>>>>>

Lemma gen_pos_subfamily G S : exists2 X : {set {group gT}}, X \subset S &
  gen_pos G X /\ G :&: \bigcap_(L in X) L = G :&: \bigcap_(L in S) L.
Proof.
pose P (X : {set {group gT}}) :=
  (X \subset S) && (G :&: \bigcap_(L in X) L == G :&: \bigcap_(L in S) L).
have [|X /andP[sXS /eqP capX] minX] := arg_minnP (fun X : {set {group gT}} => #|X|) (_ : P S).
  by rewrite /P subxx eqxx.
exists X => //; split=> //; apply/forallP => K; apply/implyP => KX.
rewrite properEneq bigcap_setD1S andbT; apply/eqP => capXK.
have := minX (X :\ K); rewrite /P (subset_trans (subD1set X K)) // -capXK capX eqxx.
by rewrite (cardsD1 K X) KX add1n ltnn => /(_ isT).
Qed.

Lemma gen_pos_imset G S (f : {group gT} -> {group gT}) :
  {in S, forall K, f K :&: G = K :&: G} -> gen_pos G S ->
  gen_pos G (f @: S) /\ {in S &, injective f}.
Proof.
move=> fG /gen_posP witS.
have mem_f K x : K \in S -> x \in G -> (x \in f K) = (x \in K).
  move=> KS xG; have := congr1 (fun A : {set gT} => x \in A) (fG K KS).
  by rewrite !inE xG !andbT.
split.
  apply/gen_posP => _ /imsetP[K KS ->]; have [x [xG xK xS]] := witS K KS.
  exists x; split; rewrite ?mem_f // => _ /imsetP[L LS ->] fLK.
  by rewrite mem_f ?xS //; apply: contraNneq fLK => ->.
move=> K L KS LS fKL; case: (eqVneq K L) => // KL.
have [x [xG xK xS]] := witS K KS.
by move: xK; rewrite -mem_f // fKL mem_f ?xS // eq_sym.
Qed.

Lemma gen_posU G1 G2 G (A B : {set {group gT}}) :
  G1 \subset G -> G2 \subset G ->
  {in A, forall K : {group gT}, G2 \subset K} ->
  {in B, forall L : {group gT}, G1 \subset L} ->
  gen_pos G1 A -> gen_pos G2 B -> gen_pos G (A :|: B).
Proof.
suff witU G1' (A' B' : {set {group gT}}) :
    G1' \subset G -> {in B', forall L : {group gT}, G1' \subset L} ->
    gen_pos G1' A' -> forall K, K \in A' -> exists x,
    [/\ x \in G, x \notin K & forall L, L \in A' :|: B' -> L != K -> x \in L].
  move=> sG1 sG2 sA sB posA posB; apply/gen_posP => K /setUP[KA | KB].
    exact: (witU G1 A B).
  by rewrite setUC; apply: (witU G2 B A).
move=> sG1 sB /gen_posP witA K KA; have [x [xG xK xA]] := witA K KA.
exists x; split=> // [|L /setUP[LA | LB] LK]; first exact: (subsetP sG1).
  exact: xA.
exact: (subsetP (sB L LB)).
Qed.

Lemma card_le_max_gen_pos (P : pred {group gT}) G S :
  {in S, forall M, P M} -> gen_pos G S ->
  #|S| <= \max_(S' : {set {group gT}} | [forall M in S', P M] && gen_pos G S') #|S'|.
Proof.
move=> PS posS; apply: (leq_bigmax_cond (F := fun S' : {set {group gT}} => #|S'|)).
by rewrite posS andbT; apply/forall_inP.
Qed.

Lemma max_gen_pos_attained (P : pred {group gT}) G : exists2 S : {set {group gT}},
  {in S, forall M, P M} /\ gen_pos G S &
  \max_(S' : {set {group gT}} | [forall M in S', P M] && gen_pos G S') #|S'| = #|S|.
Proof.
have [|S /andP[/forall_inP PS posS] ->] := @eq_bigmax_cond _
    (fun S' : {set {group gT}} => [forall M in S', P M] && gen_pos G S')
    (fun S' => #|S'|).
  apply/card_gt0P; exists set0; rewrite unfold_in /=.
  by apply/andP; split; apply/forallP => M; rewrite inE.
by exists S.
Qed.

Lemma card_le_MaxDim G S :
  {in S, forall M : {group gT}, maximal M G} -> gen_pos G S -> #|S| <= MaxDim G.
Proof. exact: (card_le_max_gen_pos (P := fun M : {group gT} => maximal M G)). Qed.

Lemma card_le_MaxDim_act B G S :
  {in S, forall M : {group gT}, maxinv B G M} -> gen_pos G S -> #|S| <= MaxDim_act B G.
Proof. exact: (card_le_max_gen_pos (P := maxinv B G)). Qed.

Lemma MaxDim_attained G :
  exists2 S : {set {group gT}},
    {in S, forall M : {group gT}, maximal M G} /\ gen_pos G S & MaxDim G = #|S|.
Proof. exact: (max_gen_pos_attained (fun M : {group gT} => maximal M G)). Qed.

Lemma MaxDim_act_attained B G :
  exists2 S : {set {group gT}},
    {in S, forall M : {group gT}, maxinv B G M} /\ gen_pos G S & MaxDim_act B G = #|S|.
Proof. exact: (max_gen_pos_attained (maxinv B G)). Qed.

Lemma card_le_i_irr G (s : {set gT}) : s \subset G -> irredundant s -> #|s| <= i_irr G.
Proof.
move=> sG irr; apply: (leq_bigmax_cond (F := fun s : {set gT} => #|s|)).
by rewrite sG irr.
Qed.

Lemma irredundant_imset (I : finType) (D : {set I}) (t : I -> gT) (W : I -> {group gT}) :
  {in D, forall i, t i \notin W i} -> {in D &, forall i j, j != i -> t j \in W i} ->
  irredundant (t @: D) /\ {in D &, injective t}.
Proof.
move=> tW tWj; split.
  apply/forall_inP => _ /imsetP[i iD ->]; apply: contraNneq (tW i iD) => eq_gen.
  have: t i \in <<t @: D :\ t i>> by rewrite eq_gen mem_gen ?imset_f.
  apply/subsetP; rewrite gen_subG; apply/subsetP => x /setD1P[xti /imsetP[j jD xtj]].
  by rewrite xtj tWj //; apply: contraNneq xti => ji; rewrite xtj ji.
move=> i j iD jD tij; case: (eqVneq i j) => // ij.
by move: (tWj i j iD jD); rewrite -tij (negPf (tW i iD)) eq_sym ij => /(_ isT).
Qed.

Lemma irredundant_separating_maximal (G : {group gT}) (s : {set gT}) h :
  s \subset G -> <<s>> = G -> irredundant s -> h \in s ->
  exists M : {group gT}, [/\ maximal M G, s :\ h \subset M & h \notin M].
Proof.
move=> sG gen_s irr hs.
have sGh : <<s :\ h>> \subset G by rewrite gen_subG (subset_trans (subD1set s h)).
have [eqG | [M maxM sM]] := maximal_exists sGh.
  by have /forall_inP/(_ h hs) := irr; rewrite eqG gen_s eqxx.
have sMh : s :\ h \subset M := subset_trans (subset_gen _) sM.
exists M; split=> //; apply: contraL (maxgroupp maxM) => hM.
suff sGM : G \subset M by rewrite properE sGM andbF.
rewrite -gen_s gen_subG; apply/subsetP => x xs.
by case: (eqVneq x h) => [-> // | xh]; apply: (subsetP sMh); apply/setD1P.
Qed.

Lemma m_gen_le_MaxDim (G : {group gT}) : m_gen G <= MaxDim G.
Proof.
apply/bigmax_leqP => s /and3P[sG /eqP gen_s irr].
have /fin_all_exists[f fP] : forall h, exists M : {group gT}, h \in s ->
    [/\ maximal M G, s :\ h \subset M & h \notin M].
  move=> h; case: (boolP (h \in s)) => [hs | hs].
    by have [M] := irredundant_separating_maximal sG gen_s irr hs; exists M.
  by exists 1%G.
have in_f h k : h \in s -> k \in s -> h != k -> h \in f k.
  by move=> hs ks hk; have [_ sf _] := fP k ks; apply: (subsetP sf); apply/setD1P.
have f_inj : {in s &, injective f}.
  move=> h k hs ks fhk; case: (eqVneq h k) => // hk.
  by have [_ _] := fP h hs; rewrite fhk in_f.
rewrite -(card_in_imset f_inj); apply: card_le_MaxDim.
  by move=> _ /imsetP[h hs ->]; have [] := fP h hs.
apply/gen_posP => _ /imsetP[h hs ->]; exists h; split.
- exact: (subsetP sG).
- by have [] := fP h hs.
- by move=> _ /imsetP[k ks ->] fkh; apply: in_f => //; apply: contraNneq fkh => ->.
Qed.

End GeneralPosition.

Section SemidirectProduct.
Variables (gT : finGroupType) (H N T : {group gT}).
Hypothesis defH : N ><| T = H.

Let mulNT : N * T = H := sdprodW defH.
Let nNT : T \subset 'N(N). Proof. by case/sdprodP: defH. Qed.
Let tiNT : N :&: T = 1. Proof. by case/sdprodP: defH. Qed.
Let sNH : N \subset H. Proof. by rewrite -mulNT mulG_subl. Qed.
Let sTH : T \subset H. Proof. by rewrite -mulNT mulG_subr. Qed.
Let nNH : H \subset 'N(N). Proof. by rewrite -mulNT mulG_subG normG. Qed.

Lemma joinT_meetN (K : {group gT}) :
  K \subset N -> T \subset 'N(K) -> (K <*> T) :&: N = K.
Proof. by move=> sKN nKT; rewrite norm_joinEr // -group_modl // setIC tiNT mulg1. Qed.

Lemma joinN_meetT (L : {group gT}) : L \subset T -> (N <*> L) :&: T = L.
Proof.
move=> sLT; rewrite norm_joinEr ?(subset_trans sLT nNT) //.
by rewrite setIC -group_modr // setIC tiNT mul1g.
Qed.

Lemma maximal_joinT (K : {group gT}) : maxinv T N K -> maximal (K <*> T) H.
Proof.
case/maxgroupP=> /andP[ltKN nKT] maxK; have sKN := proper_sub ltKN.
have meetN := joinT_meetN sKN nKT.
apply/maxgroupP; split.
  rewrite properEneq join_subG (subset_trans sKN sNH) sTH !andbT.
  apply: contraTneq ltKN => eqH.
  by rewrite -meetN -[K <*> T]/(gval (K <*> T)%G) eqH (setIidPr sNH) properE subxx.
move=> M ltMH sKTM; have sTM := subset_trans (joing_subr K T) sKTM.
have ltMN : M :&: N \proper N.
  rewrite properEneq subsetIr andbT; apply: contraTneq ltMH => /setIidPr sNM.
  by rewrite properE -mulNT mulG_subG sNM sTM andbF.
have nMNT : T \subset 'N(M :&: N) := normsI (subset_trans sTM (normG M)) nNT.
have sKMN : K \subset M :&: N by rewrite subsetI (subset_trans (joing_subl K T)).
have /= meetNM := maxK (M :&: N)%G (introT andP (conj ltMN nMNT)) sKMN.
rewrite norm_joinEr // -meetNM group_modr // mulNT.
exact/esym/setIidPl/proper_sub.
Qed.

Lemma maximal_joinN (L : {group gT}) : maximal L T -> maximal (N <*> L) H.
Proof.
case/maxgroupP=> ltLT maxL; have sLT := proper_sub ltLT.
have meetT := joinN_meetT sLT.
apply/maxgroupP; split.
  rewrite properEneq join_subG sNH (subset_trans sLT sTH) !andbT.
  apply: contraTneq ltLT => eqH.
  by rewrite -meetT -[N <*> L]/(gval (N <*> L)%G) eqH (setIidPr sTH) properE subxx.
move=> M ltMH sNLM; have sNM := subset_trans (joing_subl N L) sNLM.
have ltMT : M :&: T \proper T.
  rewrite properEneq subsetIr andbT; apply: contraTneq ltMH => /setIidPr sTM.
  by rewrite properE -mulNT mulG_subG sNM sTM andbF.
have sLMT : L \subset M :&: T by rewrite subsetI (subset_trans (joing_subr N L)).
have /= meetTM := maxL (M :&: T)%G ltMT sLMT.
rewrite norm_joinEr ?(subset_trans sLT nNT) // -meetTM setIC group_modl // mulNT.
exact/esym/setIidPr/proper_sub.
Qed.

Lemma maxinv_meetN (M : {group gT}) :
  abelian N -> maximal M H -> ~~ (N \subset M) -> maxinv T N (M :&: N)%G.
Proof.
move=> abN maxM sNM'; have [ltMH maxM'] := maxgroupP maxM.
have sMH := proper_sub ltMH.
have nNM : M \subset 'N(N) := subset_trans sMH nNH.
have joinMN : M <*> N = H.
  have sMNH : M <*> N \subset H by rewrite join_subG sMH.
  have [// | ltMNH] := eqVproper sMNH.
  by case/negP: sNM'; rewrite -(maxM' (M <*> N)%G ltMNH (joing_subl M N)) joing_subr.
apply/maxgroupP; split.
  rewrite properEneq subsetIr andbT; apply/andP; split.
    by apply: contraNneq sNM' => <-; apply: subsetIl.
  apply: subset_trans sTH _; rewrite -joinMN join_subG.
  by rewrite normsI ?normG // sub_abelian_norm ?subsetIr.
move=> K /andP[ltKN nKT] sMNK; have sKN := proper_sub ltKN.
have nKH : H \subset 'N(K) by rewrite -mulNT mulG_subG sub_abelian_norm.
suff sKM : K \subset M by apply/eqP; rewrite eqEsubset subsetI sKM sKN sMNK.
have sMKH : M <*> K \subset H by rewrite join_subG sMH (subset_trans sKN sNH).
have [mulMK | ltMKH] := eqVproper sMKH; last first.
  by rewrite -(maxM' (M <*> K)%G ltMKH (joing_subl M K)) joing_subr.
have sNK : N \subset K.
  rewrite -(setIidPl sNH) -mulMK norm_joinEl ?(subset_trans sMH nKH) //.
  by rewrite -group_modr // mul_subG // setIC.
by rewrite properE sNK andbF in ltKN.
Qed.

Lemma MaxDim_sdprod_ge : MaxDim_act T N + MaxDim T <= MaxDim H.
Proof.
have [S1 [maxS1 posS1] ->] := MaxDim_act_attained T N.
have [S2 [maxS2 posS2] ->] := MaxDim_attained T.
pose f1 (K : {group gT}) := (K <*> T)%G; pose f2 (L : {group gT}) := (N <*> L)%G.
have sS1 K : K \in S1 -> K \subset N /\ T \subset 'N(K).
  by case/maxS1/maxgroupp/andP => /proper_sub.
have sS2 L : L \in S2 -> L \subset T by move/maxS2/maxgroupp/proper_sub.
have meetN K : K \in S1 -> f1 K :&: N = K.
  by case/sS1 => sKN nKT; apply: joinT_meetN.
have meetT L : L \in S2 -> f2 L :&: T = L.
  by move/sS2; apply: joinN_meetT.
have [pos1 inj1] : gen_pos N (f1 @: S1) /\ {in S1 &, injective f1}.
  by apply: gen_pos_imset posS1 => K KS; rewrite meetN // (setIidPl (proj1 (sS1 K KS))).
have [pos2 inj2] : gen_pos T (f2 @: S2) /\ {in S2 &, injective f2}.
  by apply: gen_pos_imset posS2 => L LS; rewrite meetT // (setIidPl (sS2 L LS)).
have disjS : f1 @: S1 :&: f2 @: S2 = set0.
  apply/setP => X; rewrite !inE; apply/andP => -[/imsetP[K KS ->] /imsetP[L LS eqKL]].
  have /maxgroupp/andP[ltKN _] := maxS1 K KS.
  by move: ltKN; rewrite -(meetN K KS) eqKL (setIidPr (joing_subl N L)) properE subxx.
rewrite -(card_in_imset inj1) -(card_in_imset inj2) -cardsUI disjS cards0 addn0.
apply: card_le_MaxDim.
  move=> _ /setUP[] /imsetP[X XS ->].
    exact/maximal_joinT/maxS1.
  exact/maximal_joinN/maxS2.
apply: gen_posU pos1 pos2 => // [|] _ /imsetP[X _ ->]; [exact: joing_subr | exact: joing_subl].
Qed.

<<<<<

### Work order
Lines from the first one above through the line containing "B, forall L" are to be retyped exactly, both included, and nothing more.

### Response to this exercise
Lemma gen_pos_subfamily G S : exists2 X : {set {group gT}}, X \subset S &
  gen_pos G X /\ G :&: \bigcap_(L in X) L = G :&: \bigcap_(L in S) L.
Proof.
pose P (X : {set {group gT}}) :=
  (X \subset S) && (G :&: \bigcap_(L in X) L == G :&: \bigcap_(L in S) L).
have [|X /andP[sXS /eqP capX] minX] := arg_minnP (fun X : {set {group gT}} => #|X|) (_ : P S).
  by rewrite /P subxx eqxx.
exists X => //; split=> //; apply/forallP => K; apply/implyP => KX.
rewrite properEneq bigcap_setD1S andbT; apply/eqP => capXK.
have := minX (X :\ K); rewrite /P (subset_trans (subD1set X K)) // -capXK capX eqxx.
by rewrite (cardsD1 K X) KX add1n ltnn => /(_ isT).
Qed.

Lemma gen_pos_imset G S (f : {group gT} -> {group gT}) :
  {in S, forall K, f K :&: G = K :&: G} -> gen_pos G S ->
  gen_pos G (f @: S) /\ {in S &, injective f}.
Proof.
move=> fG /gen_posP witS.
have mem_f K x : K \in S -> x \in G -> (x \in f K) = (x \in K).
  move=> KS xG; have := congr1 (fun A : {set gT} => x \in A) (fG K KS).
  by rewrite !inE xG !andbT.
split.
  apply/gen_posP => _ /imsetP[K KS ->]; have [x [xG xK xS]] := witS K KS.
  exists x; split; rewrite ?mem_f // => _ /imsetP[L LS ->] fLK.
  by rewrite mem_f ?xS //; apply: contraNneq fLK => ->.
move=> K L KS LS fKL; case: (eqVneq K L) => // KL.
have [x [xG xK xS]] := witS K KS.
by move: xK; rewrite -mem_f // fKL mem_f ?xS // eq_sym.
Qed.

Lemma gen_posU G1 G2 G (A B : {set {group gT}}) :
  G1 \subset G -> G2 \subset G ->
  {in A, forall K : {group gT}, G2 \subset K} ->
  {in B, forall L : {group gT}, G1 \subset L} ->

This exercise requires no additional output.